Our team was comprised of experts in nanotechnology, proteomics, and data science. Using foundational technology originating in part from Dr. Omid Farokhzad’s lab at Harvard Medical School, we developed a technique to interrogate thousands of proteins – most of the proteome. By identifying proteins that stuck to the surface of nanoparticles in plasma, we could see a patient’s proteome in a few hours.

This technique produced something like a hazy photograph. But we needed a clear picture of the proteome for it to be beneficial. So, we used data science to clarify the photo. Through a number of machine learning approaches -- some known and others we developed ourselves, including a specific approach related to “tensor completion” -- we were able to “denoise” the photograph.

With the picture clear, we could apply older and simple methods to diagnose and predict diseases.

For example, we detected things like non-small-cell lung cancer in its earliest stages with extremely high accuracy. (We had an AUC of 91%.) The alternative for those patients would be a biopsy of lung tissue, which is an invasive surgery. Our approach only required a blood draw, making it substantially easier and cheaper.

This technology could also be applied to better understand viruses like COVID-19. Current research on the virus is based on its genetics, but we can use this technology to see the physical changes to the protein and study the implications of those mutations. We also can use this technology to better understand why some patients succumb to the virus while others are only mildly affected. By studying the proteomic signatures of people with the virus, we can better guide diagnostics and therapeutics.

The ability to unlock the proteome could be as groundbreaking as the ability to sequence our DNA. Today, the human genome is sequenced about every 30 seconds. Scientists have identified approximately 500 million genetic variations, but they have only linked 30,000 to a function or relevance from a disease perspective. The rest is still a mystery.

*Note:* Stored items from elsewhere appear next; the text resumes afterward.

Lemma qunit_transitive p q : qnorm2 p = qnorm2 q ->
  exists d : Q, d * qconj d = 1 /\ d * p = q.
Proof.
move=> hpq; have [p0|p0] := eqVneq p 0.
  exists 1; rewrite qconj1 mulr1 mul1r; split => //.
  by rewrite p0; apply/esym/qnorm2_eq0; rewrite -hpq p0 qnorm2_0.
have np0 : qnorm2 p != 0 by apply: contra_neq p0 => /qnorm2_eq0.
have tpp : qreal (qnorm2 p)^-1 * (qconj p * p) = 1.
  by rewrite qconj_mul -qrealM mulVf.
exists (q * qreal (qnorm2 p)^-1 * qconj p); split; last first.
  by rewrite -!mulrA tpp mulr1.
rewrite !qconjM qconjK qconj_real.
have -> : q * qreal (qnorm2 p)^-1 * qconj p * (p * (qreal (qnorm2 p)^-1 * qconj q))
    = q * (qreal (qnorm2 p)^-1 * (qconj p * p)) * (qreal (qnorm2 p)^-1 * qconj q).
  by rewrite !mulrA.
by rewrite tpp mulr1 qreal_comm mulrA qmul_conj -qrealM -hpq mulfV.
Qed.

End Quaternion.

Section RealRepresentation.
Variable R : rcfType.
Local Notation Q := (quat R).

Definition qcoord (x : Q) (t : 'I_4) : R :=
  match val t with 0 => qa x | 1 => qb x | 2 => qc x | _ => qd x end.
Definition qbasis (t : 'I_4) : Q :=
  match val t with
  | 0 => Quat 1 0 0 0 | 1 => Quat 0 1 0 0 | 2 => Quat 0 0 1 0 | _ => Quat 0 0 0 1
  end.
Definition qlmx (p : Q) (s t : 'I_4) : R := qcoord (p * qbasis t) s.

Lemma qcoord_inj (x y : Q) : (forall t, qcoord x t = qcoord y t) -> x = y.
Proof.
case: x y => [a b c d] [a' b' c' d'] h.
by move: (h 0) (h 1) (h 2) (h 3); rewrite /qcoord /= => -> -> -> ->.
Qed.

Lemma qcoordD (x y : Q) t : qcoord (x + y) t = qcoord x t + qcoord y t.
Proof. by case: t => [[|[|[|[|t]]]] ?]. Qed.

Lemma qcoord0 t : qcoord 0 t = 0.
Proof. by case: t => [[|[|[|[|t]]]] ?]. Qed.

Lemma qlmx_mul p q s t : \sum_(u < 4) qlmx p s u * qlmx q u t = qlmx (p * q) s t.
Proof.
rewrite !big_ord_recr big_ord0 /= add0r.
case: p q => [????] [????].
case: s => [[|[|[|[|s]]]] ?] //; case: t => [[|[|[|[|t]]]] ?] //;
by rewrite /qlmx /qcoord /qbasis /= ?qmulE /qmul /=; ring.
Qed.

Lemma qlmx_sum I (r : seq I) (P : pred I) (F : I -> Q) s t :
  qlmx (\sum_(i <- r | P i) F i) s t = \sum_(i <- r | P i) qlmx (F i) s t.
Proof.
elim/big_rec2: _ => [|i y1 y2 _ <-]; first by rewrite /qlmx mul0r qcoord0.
by rewrite /qlmx mulrDl qcoordD.
Qed.

Lemma qlmx1 s t : qlmx 1 s t = (s == t)%:R.
Proof.
rewrite /qlmx mul1r.
by case: s => [[|[|[|[|s]]]] ?] //; case: t => [[|[|[|[|t]]]] ?].
Qed.

Lemma qlmx0 s t : qlmx 0 s t = 0.
Proof. by rewrite /qlmx mul0r qcoord0. Qed.

Lemma qlmx_coord x s : qlmx x s 0 = qcoord x s.
Proof. by rewrite /qlmx mulr1. Qed.

Variable n : nat.
Local Notation I := ('I_n * 'I_4)%type.
Definition realmx_idx (i : 'I_#|{: I}|) : I := enum_val i.
Local Notation idx := realmx_idx.

Definition realmx (A : 'M[Q]_n) : 'M[R]_#|{: I}| :=
  \matrix_(i, j) qlmx (A (idx i).1 (idx j).1) (idx i).2 (idx j).2.

Lemma realmx_mul (A B : 'M[Q]_n) : realmx (A *m B) = realmx A *m realmx B.
Proof.
apply/matrixP => i j; rewrite !mxE qlmx_sum.
under [RHS]eq_bigr do rewrite !mxE.
rewrite /realmx_idx -(big_enum_val (A := {: I}) (fun k =>
  qlmx (A (idx i).1 k.1) (idx i).2 k.2 * qlmx (B k.1 (idx j).1) k.2 (idx j).2)).
rewrite -(pair_big xpredT xpredT (fun a b =>
  qlmx (A (idx i).1 a) (idx i).2 b * qlmx (B a (idx j).1) b (idx j).2)) /=.
by apply: eq_bigr => a _; rewrite qlmx_mul.
Qed.

Lemma realmx1 : realmx 1%:M = 1%:M.
Proof.
apply/matrixP => i j; rewrite !mxE.
have -> : (i == j) = ((idx i).1 == (idx j).1) && ((idx i).2 == (idx j).2).
  by rewrite -xpair_eqE -!surjective_pairing (inj_eq enum_val_inj).
by case: eqP => _; rewrite ?mulr1n ?mulr0n ?qlmx1 ?qlmx0.
Qed.

Lemma realmx_inj : injective realmx.
Proof.
move=> A B /matrixP eqAB; apply/matrixP => a b; apply: qcoord_inj => t.
move: (eqAB (enum_rank (a, t)) (enum_rank (b, 0 : 'I_4))).
by rewrite !mxE /realmx_idx !enum_rankK /= !qlmx_coord.
Qed.

End RealRepresentation.

Lemma col_mulmx (T : pzSemiRingType) m n p (A : 'M[T]_(m, n)) (B : 'M[T]_(n, p)) j :
  col j (A *m B) = A *m col j B.
Proof. by apply/matrixP => i l; rewrite !mxE; apply: eq_bigr => k _; rewrite !mxE. Qed.

Section QuatMatrix.
Variable R : rcfType.
Local Notation Q := (quat R).

Lemma qadjE m n (A : 'M[Q]_(m, n)) i j : qadj A i j = qconj (A j i).
Proof. by rewrite !mxE. Qed.

Lemma qadjK m n (A : 'M[Q]_(m, n)) : qadj (qadj A) = A.
Proof. by apply/matrixP => i j; rewrite !qadjE qconjK. Qed.

Lemma qadj0 m n : qadj (0 : 'M[Q]_(m, n)) = 0.
Proof. by apply/matrixP => i j; rewrite !mxE qconj0. Qed.

Lemma qadjD m n (A B : 'M[Q]_(m, n)) : qadj (A + B) = qadj A + qadj B.
Proof. by apply/matrixP => i j; rewrite !mxE qconjD. Qed.

Lemma qadjN m n (A : 'M[Q]_(m, n)) : qadj (- A) = - qadj A.
Proof. by apply/matrixP => i j; rewrite !mxE qconjN. Qed.

Lemma qadjM m n p (A : 'M[Q]_(m, n)) (B : 'M[Q]_(n, p)) :
  qadj (A *m B) = qadj B *m qadj A.
Proof.
apply/matrixP => i j; rewrite qadjE !mxE qconj_sum.
by apply: eq_bigr => k _; rewrite qconjM !qadjE.
Qed.

Lemma qadj_scalar n (x : Q) : qadj (x%:M : 'M_n) = (qconj x)%:M.
Proof.
apply/matrixP => i j; rewrite qadjE !mxE eq_sym.
by case: eqP => _; rewrite ?mulr1n ?mulr0n ?qconj0.
Qed.

Lemma Sp1 n : is_Sp (1%:M : 'M[Q]_n).
Proof. by rewrite /is_Sp qadj_scalar qconj1 mulmx1. Qed.

Lemma Sp_mul n (A B : 'M[Q]_n) : is_Sp A -> is_Sp B -> is_Sp (A *m B).
Proof. by move=> hA hB; rewrite /is_Sp qadjM mulmxA -(mulmxA A) hB mulmx1. Qed.

(* The quaternions are not commutative, so [mulmx1C] only applies after
   passing to the real representation. *)
Lemma Sp_mulVmx n (A : 'M[Q]_n) : is_Sp A -> qadj A *m A = 1%:M.
Proof.
move=> hA; apply: realmx_inj; rewrite realmx_mul realmx1.
by apply: mulmx1C; rewrite -realmx_mul hA realmx1.
Qed.

Lemma Sp_adj n (A : 'M[Q]_n) : is_Sp A -> is_Sp (qadj A).
Proof. by move=> hA; rewrite /is_Sp qadjK Sp_mulVmx. Qed.

Lemma Sp_diag n (d : 'I_n -> Q) : (forall i, d i * qconj (d i) = 1) ->
  is_Sp (diag_mx (\row_i d i)).
Proof.
move=> hd; rewrite /is_Sp mul_diag_mx; apply/matrixP => i j; rewrite !mxE.
case: eqP => [->|/eqP ij]; first by rewrite eqxx hd.
by rewrite eq_sym (negPf ij) qconj0 mulr0.
Qed.

Definition vnorm2 p (v : 'cV[Q]_p) : R := \sum_i qnorm2 (v i 0).

Lemma vnorm2_ge0 p (v : 'cV[Q]_p) : 0 <= vnorm2 v.
Proof. by apply: sumr_ge0 => i _; apply: qnorm2_ge0. Qed.

Lemma vnorm2_eq0 p (v : 'cV[Q]_p) : vnorm2 v = 0 -> v = 0.
Proof.
move=> h; apply/matrixP => i j; rewrite ord1 mxE; apply: qnorm2_eq0.
exact: (psumr_eq0P (fun k _ => qnorm2_ge0 (v k 0)) h).
Qed.

Lemma qadj_mulvv p (v : 'cV[Q]_p) : qadj v *m v = (qreal (vnorm2 v))%:M.
Proof.
apply/matrixP => i j; rewrite !ord1 !mxE mulr1n qreal_sum.
by apply: eq_bigr => k _; rewrite qadjE qconj_mul.
Qed.

Lemma vnorm2_Sp_mul p (A : 'M[Q]_p) (v : 'cV[Q]_p) :
  is_Sp A -> vnorm2 (A *m v) = vnorm2 v.
Proof.
move=> /Sp_mulVmx hA; apply: qreal_inj.
have qrealE (w : 'cV[Q]_p) : qreal (vnorm2 w) = (qadj w *m w) 0 0.
  by rewrite qadj_mulvv mxE mulr1n.
by rewrite !qrealE qadjM -mulmxA (mulmxA (qadj A)) hA mul1mx.
Qed.

End QuatMatrix.

Section Householder.
Variable R : rcfType.
Local Notation Q := (quat R).
Local Notation S r := ((qreal r)%:M : 'M[Q]_1).

Lemma S_mul (a b : R) : S a *m S b = S (a * b).
Proof. by rewrite -scalar_mxM qrealM. Qed.
Lemma S_add (a b : R) : S a + S b = S (a + b).
Proof. by rewrite -raddfD qrealD. Qed.
Lemma S_sub (a b : R) : S a - S b = S (a - b).
Proof. by rewrite -raddfB qrealD qrealN. Qed.
Lemma S_inj : injective (fun a : R => S a).
Proof. by move=> a b /matrixP/(_ 0 0); rewrite !mxE !mulr1n => /qreal_inj. Qed.
Lemma qadj_S (a : R) : qadj (S a) = S a.
Proof. by rewrite qadj_scalar qconj_real. Qed.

If we can look at proteomic information in an unbiased way, similar to genetic sequencing, we could identify potentially hundreds of thousands of protein variances across the population over time. When you put that information together with genomic information, our knowledge will grow exponentially.

Combining expertise across fields is critical, which is why we are partnering with experts who led the original genomics revolution. It will take a team to bring proteomic information to a similar scale of access as genomic information is today. We are also hoping to increase access to patients’ proteomes by commercializing the technology through Dr. Farokhzad’s biotech company Seer.

So far, we are at the tip of the iceberg in terms of unlocking proteomics, but its potential is huge. This could fundamentally change the way we address healthcare.

Vivek Farias is the Patrick J. McGovern (1959) Professor and a Professor of Operations Management at the MIT Sloan School of Management. Robert Langer is the David H. Koch Institute Professor at MIT and head of the MIT Langer Lab. Omid Farokhzad is a professor at Harvard Medical School, a physician-scientist at Brigham and Women’s Hospital, and a serial entrepreneur. He holds an MBA from MIT Sloan and is founder and CEO of Seer. They are coauthors of “Rapid, deep and precise profiling of the plasma proteome with multi-nanoparticle protein corona,” which was published July 15 in Nature Communications.